> [Problem requirements] For every line in the material, print that line exactly.

> [Working data]
(* Let $(\tilde S,\tilde f)$ and $(\tilde T,\tilde g)$ be lifted partial permutations with corresponding Heegaard states $\mathbf x$ and $\mathbf y$, and suppose there is $\phi\in D(\mathbf x,\mathbf y)$. Then for each $i=1,\dots,m$, the local multiplicity of $\phi$ at $O_i$ equals $w_i(\tilde f)-w_i(\tilde g)$.
   Context: Fix integers $0<k<m$. $G_m$ is the group of isometries of $\mathbb R$ generated by $x\mapsto 1-x$ and $x\mapsto 2m-1-x$; $Q_1:\mathbb Z\to\mathbb Z/G_m\cong\{1,\dots,m-1\}$; $Q_2:\frac12+\mathbb Z\to\{1,\dots,m\}$ sends $j-\frac12$ to the unique $i\in\{1,\dots,m\}$ with $i\equiv j$ or $i\equiv 2-j\pmod{2m-2}$. A lifted partial permutation on $k$ letters is a pair $(\tilde S,\tilde f)$ with $\tilde S\subset\mathbb Z$ $G_m$-invariant, $|\tilde S/G_m|=k$, $\tilde f:\tilde S\to\mathbb Z$ $G_m$-equivariant with injective induced map $\tilde S/G_m\to\mathbb Z/G_m$. Weight: $w_j(\tilde f)=\tfrac12\#\{i\in\tilde S: i<j-\tfrac12<\tilde f(i)\text{ or } i>j-\tfrac12>\tilde f(i)\}$. In $\mathbb R^2$ take vertical lines $\tilde\alpha_i=\{i\}\times\mathbb R$, horizontal lines $\tilde\beta_i=\mathbb R\times\{i\}$, and punctures at $(\frac12+i,\frac12+i)$ labeled $O_{Q_2(\frac12+i)}$; $\mathbb G_m$ is generated by the $180^\circ$ rotations about $(\frac12,\frac12)$ and $(m-\frac12,m-\frac12)$; $\mathcal H=\mathbb R^2/\mathbb G_m$ with marked points $O_1,\dots,O_m$ ($O_1,O_m$ the orbifold points), and $\alpha_i,\beta_i$ the images of $\tilde\alpha_j,\tilde\beta_j$ with $Q_1(j)=i$. Heegaard states: $k$ points on $\alpha_i\cap\beta_j$'s using distinct $\alpha$'s and $\beta$'s; $(\tilde S,\tilde f)$ corresponds to the image of its graph. Two-chains assign integers to components of $\mathcal H\setminus(\boldsymbol\alpha\cup\boldsymbol\beta)$; $D(\mathbf x,\mathbf y)$ is the set of two-chains with initial corners exactly at $\mathbf x\setminus\mathbf y$ and terminal corners exactly at $\mathbf y\setminus\mathbf x$ (a point with quadrant multiplicities $A,B,C,D$, $A,D$ opposite, is initial if $B+C=A+D+1$, terminal if $B+C=A+D-1$, non-corner if $A+D=B+C$). The local multiplicity at $O_i$ is the multiplicity of the region containing $O_i$. *)

From Stdlib Require Import ZArith List Relations.
Import ListNotations.
Open Scope Z_scope.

> [Exercise solution]
(* Let $(\tilde S,\tilde f)$ and $(\tilde T,\tilde g)$ be lifted partial permutations with corresponding Heegaard states $\mathbf x$ and $\mathbf y$, and suppose there is $\phi\in D(\mathbf x,\mathbf y)$. Then for each $i=1,\dots,m$, the local multiplicity of $\phi$ at $O_i$ equals $w_i(\tilde f)-w_i(\tilde g)$.
   Context: Fix integers $0<k<m$. $G_m$ is the group of isometries of $\mathbb R$ generated by $x\mapsto 1-x$ and $x\mapsto 2m-1-x$; $Q_1:\mathbb Z\to\mathbb Z/G_m\cong\{1,\dots,m-1\}$; $Q_2:\frac12+\mathbb Z\to\{1,\dots,m\}$ sends $j-\frac12$ to the unique $i\in\{1,\dots,m\}$ with $i\equiv j$ or $i\equiv 2-j\pmod{2m-2}$. A lifted partial permutation on $k$ letters is a pair $(\tilde S,\tilde f)$ with $\tilde S\subset\mathbb Z$ $G_m$-invariant, $|\tilde S/G_m|=k$, $\tilde f:\tilde S\to\mathbb Z$ $G_m$-equivariant with injective induced map $\tilde S/G_m\to\mathbb Z/G_m$. Weight: $w_j(\tilde f)=\tfrac12\#\{i\in\tilde S: i<j-\tfrac12<\tilde f(i)\text{ or } i>j-\tfrac12>\tilde f(i)\}$. In $\mathbb R^2$ take vertical lines $\tilde\alpha_i=\{i\}\times\mathbb R$, horizontal lines $\tilde\beta_i=\mathbb R\times\{i\}$, and punctures at $(\frac12+i,\frac12+i)$ labeled $O_{Q_2(\frac12+i)}$; $\mathbb G_m$ is generated by the $180^\circ$ rotations about $(\frac12,\frac12)$ and $(m-\frac12,m-\frac12)$; $\mathcal H=\mathbb R^2/\mathbb G_m$ with marked points $O_1,\dots,O_m$ ($O_1,O_m$ the orbifold points), and $\alpha_i,\beta_i$ the images of $\tilde\alpha_j,\tilde\beta_j$ with $Q_1(j)=i$. Heegaard states: $k$ points on $\alpha_i\cap\beta_j$'s using distinct $\alpha$'s and $\beta$'s; $(\tilde S,\tilde f)$ corresponds to the image of its graph. Two-chains assign integers to components of $\mathcal H\setminus(\boldsymbol\alpha\cup\boldsymbol\beta)$; $D(\mathbf x,\mathbf y)$ is the set of two-chains with initial corners exactly at $\mathbf x\setminus\mathbf y$ and terminal corners exactly at $\mathbf y\setminus\mathbf x$ (a point with quadrant multiplicities $A,B,C,D$, $A,D$ opposite, is initial if $B+C=A+D+1$, terminal if $B+C=A+D-1$, non-corner if $A+D=B+C$). The local multiplicity at $O_i$ is the multiplicity of the region containing $O_i$. *)

From Stdlib Require Import ZArith List Relations.
Import ListNotations.
Open Scope Z_scope.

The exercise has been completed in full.